(* For each positive integer $n\ge 4$, there exists a pair of sidigraphs $S,S'$ of order $n$, both strongly connected and both non cycle balanced, which are noncospectral and satisfy $E(S)=E(S')$.
   Context: A sidigraph is a digraph (no loops, at most one arc from $u$ to $v$) with a sign $\pm1$ on each arc; its eigenvalues are those of its adjacency matrix, whose $(i,j)$ entry is the sign of the arc from $v_i$ to $v_j$ if it exists and $0$ otherwise; its spectrum is the multiset of eigenvalues, and two sidigraphs are cospectral if their spectra coincide. A sidigraph is strongly connected if its underlying digraph is. The sign of a directed cycle is the product of its arc signs; a sidigraph is cycle balanced if every directed cycle is positive, non cycle balanced otherwise. The energy of a sidigraph with eigenvalues $z_1,\dots,z_n$ is $E(S)=\sum_{j=1}^n|\Re z_j|$. *)

From HB Require Import structures.
From mathcomp Require Import all_boot all_order all_algebra all_field.
Set Implicit Arguments. Unset Strict Implicit. Unset Printing Implicit Defensive.
Import Order.TTheory GRing.Theory Num.Theory.
Local Open Scope ring_scope.

(* A sidigraph on vertex set 'I_n is encoded by its (integer) adjacency
   matrix A : A i j = sign of the arc i -> j if it exists, 0 otherwise.
   Validity: no loops, entries in {-1, 0, 1}. *)
Definition is_sidigraph (n : nat) (A : 'M[int]_n) : Prop :=
  (forall i, A i i = 0) /\ (forall i j, A i j \in [:: -1; 0; 1]).

Definition arc (n : nat) (A : 'M[int]_n) : rel 'I_n := fun i j => A i j != 0.

Definition strongly_connected (n : nat) (A : 'M[int]_n) : Prop :=
  forall i j : 'I_n, connect (arc A) i j.

Definition directed_cycle (n : nat) (A : 'M[int]_n) (c : seq 'I_n) : bool :=
  [&& c != [::], uniq c & cycle (arc A) c].

Definition cycle_sign (n : nat) (A : 'M[int]_n) (c : seq 'I_n) : int :=
  \prod_(p <- zip c (rot 1 c)) A p.1 p.2.

Definition cycle_balanced (n : nat) (A : 'M[int]_n) : Prop :=
  forall c, directed_cycle A c -> cycle_sign A c = 1.

Definition adjC (n : nat) (A : 'M[int]_n) : 'M[algC]_n := map_mx intr A.

(* spectrum: the multiset (as a seq, up to permutation) of the roots of the
   characteristic polynomial, i.e. eigenvalues with algebraic multiplicity *)
Definition spectrum (n : nat) (A : 'M[int]_n) : seq algC :=
  sval (closed_field_poly_normal (char_poly (adjC A))).

Definition cospectral (n : nat) (A B : 'M[int]_n) : Prop :=
  perm_eq (spectrum A) (spectrum B).

Definition energy (n : nat) (A : 'M[int]_n) : algC :=
  \sum_(z <- spectrum A) `|'Re z|.

From Pilot Require Import Defs.
From HB Require Import structures.
From mathcomp Require Import all_boot all_order all_algebra all_field.
From mathcomp Require Import ring zify.
Set Implicit Arguments. Unset Strict Implicit. Unset Printing Implicit Defensive.
Import Order.TTheory GRing.Theory Num.Theory.
Local Open Scope ring_scope.

(* Take the complete bipartite digraph between the "hub" {0, ..., k-1} and the
   other vertices, with arcs out of the hub positive and arcs into it negative.
   Its adjacency matrix is skew-symmetric, so all eigenvalues are purely
   imaginary and its energy is 0, whatever k is.  A positive and a negative arc
   between two vertices form a negative 2-cycle.  The nonzero eigenvalues
   satisfy z^2 = -k(n-k), and -(n-1) <> -2(n-2) for n >= 4, so k = 1 and k = 2
   give noncospectral sidigraphs. *)

Lemma mem_spectrum n (A : 'M[int]_n) z : (z \in spectrum A) = eigenvalue (adjC A) z.
Proof.
rewrite /spectrum; case: closed_field_poly_normal => r /= hr.
by rewrite eigenvalue_root_char hr (monicP (char_poly_monic _)) scale1r root_prod_XsubC.
Qed.

Lemma skew_hermitian_eigenvalue_Re n (A : 'M[algC]_n) :
  A^T = - map_mx Num.conj A -> forall z, eigenvalue A z -> 'Re z = 0.
Proof.
move=> skewA z /eigenvalueP[v vA nz_v].
pose w := map_mx Num.conj v.
have Aw : A *m w^T = - z^* *: w^T.
  rewrite -[A]trmxK -trmx_mul skewA mulmxN -map_mxM vA map_mxZ.
  by rewrite -scaleNr linearZ.
have normv : (v *m w^T) 0 0 = \sum_i `|v 0 i| ^+ 2.
  by rewrite !mxE; apply: eq_bigr => i _; rewrite !mxE normCK.
have nz_norm : (v *m w^T) 0 0 != 0.
  apply: contra nz_v; rewrite normv => /eqP/psumr_eq0P v0.
  apply/eqP/rowP => i; rewrite mxE.
  by apply/eqP; rewrite -normr_eq0 -sqrf_eq0 v0 // => j _; rewrite exprn_ge0.
(* Evaluate v A v^* in two ways: it equals both z |v|^2 and -z^* |v|^2. *)
have := mulmxA v A w^T; rewrite vA Aw -scalemxAl -scalemxAr.
set P := v *m w^T => /(congr1 (fun B : 'M_1 => B 0 0)).
rewrite [LHS]mxE [RHS]mxE => E.
have : (z + z^*) * P 0 0 = 0 by rewrite mulrDl -E mulNr addNr.
move/eqP; rewrite mulf_eq0 (negbTE nz_norm) orbF => /eqP zz.
by rewrite ReE zz mul0r.
Qed.

Lemma energy_skew n (A : 'M[int]_n) : A^T = - A -> energy A = 0.
Proof.
move=> skewA; have skewAC : (adjC A)^T = - map_mx Num.conj (adjC A).
  rewrite /adjC -map_mx_comp (@eq_map_mx _ _ _ _ intr) => [|x /=];
    last exact: conj_intr.
  by rewrite map_trmx skewA map_mxN.
rewrite /energy big1_seq // => z /andP[_]; rewrite mem_spectrum.
by move/(skew_hermitian_eigenvalue_Re skewAC) => ->; rewrite normr0.
Qed.

Lemma sum_ord_lt_const {R : nmodType} {n k : nat} (c : R) :
  (k <= n)%N -> \sum_(i < n | (i < k)%N) c = c *+ k.
Proof. by move=> kn; rewrite -(big_ord_widen _ (fun=> c) kn) sumr_const card_ord. Qed.

Lemma sum_ord_ge_const {R : zmodType} {n k : nat} (c : R) :
  (k <= n)%N -> \sum_(i < n | ~~ (i < k)%N) c = c *+ (n - k).
Proof.
move=> kn; have -> : c *+ (n - k) = \sum_(i < n) c - c *+ k.
  by rewrite sumr_const card_ord mulrnBr.
by rewrite [in RHS](bigID (fun i : 'I_n => (i < k)%N)) /= sum_ord_lt_const // addrC addrK.
Qed.

Definition skew_biclique n k : 'M[int]_n :=
  \matrix_(i, j) ((i < k)%N%:R - (j < k)%N%:R).

Section SkewBiclique.

Variables n k : nat.
Local Notation M := (skew_biclique n k).

Lemma tr_skew_biclique : M^T = - M.
Proof. by apply/matrixP => i j; rewrite !mxE opprB. Qed.

Lemma sidigraph_skew_biclique : is_sidigraph M.
Proof.
split=> [i|i j]; rewrite mxE ?subrr //.
by case: (i < k)%N; case: (j < k)%N.
Qed.

Lemma arc_skew_biclique i j : Defs.arc M i j = ((i < k)%N != (j < k)%N).
Proof. by rewrite /Defs.arc mxE; case: (i < k)%N; case: (j < k)%N. Qed.

Section RowVector.

Variable v : 'rV[algC]_n.
Let hub_sum := \sum_(i < n | (i < k)%N) v 0 i.
Let rim_sum := \sum_(i < n | ~~ (i < k)%N) v 0 i.

Lemma mul_skew_biclique j :
  (v *m adjC M) 0 j = if (j < k)%N then - rim_sum else hub_sum.
Proof.
rewrite mxE (bigID (fun i : 'I_n => (i < k)%N)) /=.
case: ifP => jk.
  rewrite big1 ?add0r => [|i ik]; last by rewrite !mxE ik jk subrr mulr0.
  by rewrite -sumrN; apply: eq_bigr => i /negbTE ik; rewrite !mxE ik jk mulrN1.
rewrite [X in _ + X]big1 ?addr0 => [|i /negbTE ik]; last by rewrite !mxE ik jk subrr mulr0.
by apply: eq_bigr => i ik; rewrite !mxE ik jk mulr1.
Qed.

End RowVector.

Lemma eigenvalue_skew_biclique z : (k <= n)%N ->
  eigenvalue (adjC M) z -> z = 0 \/ z ^+ 2 = - (k * (n - k))%:R.
Proof.
move=> kn /eigenvalueP[v vM nz_v].
set s := \sum_(i < n | (i < k)%N) v 0 i; set t := \sum_(i < n | ~~ (i < k)%N) v 0 i.
have eq_j j : z * v 0 j = if (j < k)%N then - t else s.
  by rewrite -mul_skew_biclique vM mxE.
have zs : z * s = - t *+ k.
  rewrite mulr_sumr -(sum_ord_lt_const _ kn).
  by apply: eq_bigr => j jk; rewrite eq_j jk.
have zt : z * t = s *+ (n - k).
  rewrite mulr_sumr -(sum_ord_ge_const _ kn).
  by apply: eq_bigr => j /negbTE jk; rewrite eq_j jk.
have [->|nz_z] := eqVneq z 0; [by left | right].
have nz_s : s != 0.
  apply: contra nz_v => /eqP s0.
  have t0 : t = 0.
    by move: zt; rewrite s0 mul0rn => /eqP; rewrite mulf_eq0 (negbTE nz_z) => /eqP.
  apply/eqP/rowP => j; apply: (mulfI nz_z).
  by rewrite eq_j s0 t0 oppr0 !mxE mulr0; case: ifP.
apply: (mulIf nz_s); rewrite -mulr_natr in zs zt.
rewrite expr2 -mulrA zs; transitivity (- (z * t) * k%:R); first by ring.
by rewrite zt natrM; ring.
Qed.

Hypotheses (k_gt0 : (0 < k)%N) (k_lt_n : (k < n)%N).

Let hub : 'I_n := Ordinal (ltn_trans k_gt0 k_lt_n).
Let rim : 'I_n := Ordinal k_lt_n.

Lemma skew_biclique_strongly_connected : strongly_connected M.
Proof.
have to_other_side i : exists2 m, Defs.arc M i m & (m < k)%N = ~~ (i < k)%N.
  by case: (ltnP i k) => ik; [exists rim | exists hub];
    rewrite ?arc_skew_biclique /= ?ltnn ?k_gt0 ?ik // ltnNge ik.
move=> i j; have [m im m_side] := to_other_side i.
have [ij_side | ij_side] := eqVneq (i < k)%N (j < k)%N.
  apply: connect_trans (connect1 im) (connect1 _).
  by rewrite arc_skew_biclique m_side ij_side; case: (j < k)%N.
by apply: connect1; rewrite arc_skew_biclique.
Qed.

Lemma skew_biclique_not_cycle_balanced : ~ cycle_balanced M.
Proof.
have hub_neq_rim : hub != rim by rewrite -val_eqE /= neq_ltn k_gt0.
have cyc : directed_cycle M [:: hub; rim].
  by rewrite /directed_cycle /= inE hub_neq_rim !arc_skew_biclique /= ltnn k_gt0.
move=> /(_ _ cyc); rewrite /cycle_sign /= !big_cons big_nil !mxE /=.
by rewrite ltnn k_gt0.
Qed.

Lemma skew_biclique_eigenvalue_sqrt :
  eigenvalue (adjC M) (sqrtC (- (k * (n - k))%:R)).
Proof.
set z := sqrtC _; have z2 : z ^+ 2 = - (k * (n - k))%:R := sqrtCK _.
have nz_k : (k%:R : algC) != 0 by rewrite pnatr_eq0 -lt0n.
pose v : 'rV[algC]_n := \row_j (if (j < k)%N then z / k%:R else 1).
have hub_sum : \sum_(i < n | (i < k)%N) v 0 i = z.
  rewrite (eq_bigr (fun=> z / k%:R)) => [|i ik]; last by rewrite mxE ik.
  by rewrite (sum_ord_lt_const _ (ltnW k_lt_n)) -(mulr_natr (z / k%:R)) divfK.
have rim_sum : \sum_(i < n | ~~ (i < k)%N) v 0 i = (n - k)%:R.
  rewrite (eq_bigr (fun=> 1)) => [|i /negbTE ik]; last by rewrite mxE ik.
  exact: sum_ord_ge_const (ltnW k_lt_n).
apply/eigenvalueP; exists v.
  apply/rowP => j; rewrite mul_skew_biclique hub_sum rim_sum !mxE.
  case: ifP => _; last by rewrite mulr1.
  by rewrite mulrA -expr2 z2 natrM mulNr mulrAC divff ?mul1r.
by apply/eqP => /rowP/(_ rim)/eqP; rewrite !mxE ltnn oner_eq0.
Qed.

End SkewBiclique.

Theorem theorem4p1 (n : nat) (hn : (4 <= n)%N) :
  exists S S' : 'M[int]_n,
    is_sidigraph S /\ is_sidigraph S' /\
    strongly_connected S /\ strongly_connected S' /\
    ~ cycle_balanced S /\ ~ cycle_balanced S' /\
    ~ cospectral S S' /\ energy S = energy S'.
Proof.
have n_gt2 : (2 < n)%N by apply: leq_trans hn.
have n_gt1 : (1 < n)%N := ltnW n_gt2.
exists (skew_biclique n 1), (skew_biclique n 2).
refine (conj _ (conj _ (conj _ (conj _ (conj _ (conj _ (conj _ _)))))));
  try exact: sidigraph_skew_biclique; try exact: skew_biclique_strongly_connected;
  try exact: skew_biclique_not_cycle_balanced.
2: by rewrite !energy_skew ?tr_skew_biclique.
move=> /perm_mem cospec.
have := skew_biclique_eigenvalue_sqrt (isT : (0 < 2)%N) n_gt2.
set z := sqrtC _ => eig2; have z2 : z ^+ 2 = - (2 * (n - 2))%:R := sqrtCK _.
have eig1 : eigenvalue (adjC (skew_biclique n 1)) z.
  by rewrite -mem_spectrum cospec mem_spectrum.
have [z0 | ] := eigenvalue_skew_biclique (ltnW n_gt1) eig1.
  by move: z2; rewrite z0 expr0n /= => /eqP; rewrite eq_sym oppr_eq0 pnatr_eq0; lia.
by rewrite z2 => /oppr_inj/eqP; rewrite eqr_nat; lia.
Qed.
^^^^
= What you should do =
Starting with the line that contains "by move: z2;", write out each line through the end of the listing, exactly as it appears, and include nothing else.

= Solved exercise =
  by move: z2; rewrite z0 expr0n /= => /eqP; rewrite eq_sym oppr_eq0 pnatr_eq0; lia.
by rewrite z2 => /oppr_inj/eqP; rewrite eqr_nat; lia.
Qed.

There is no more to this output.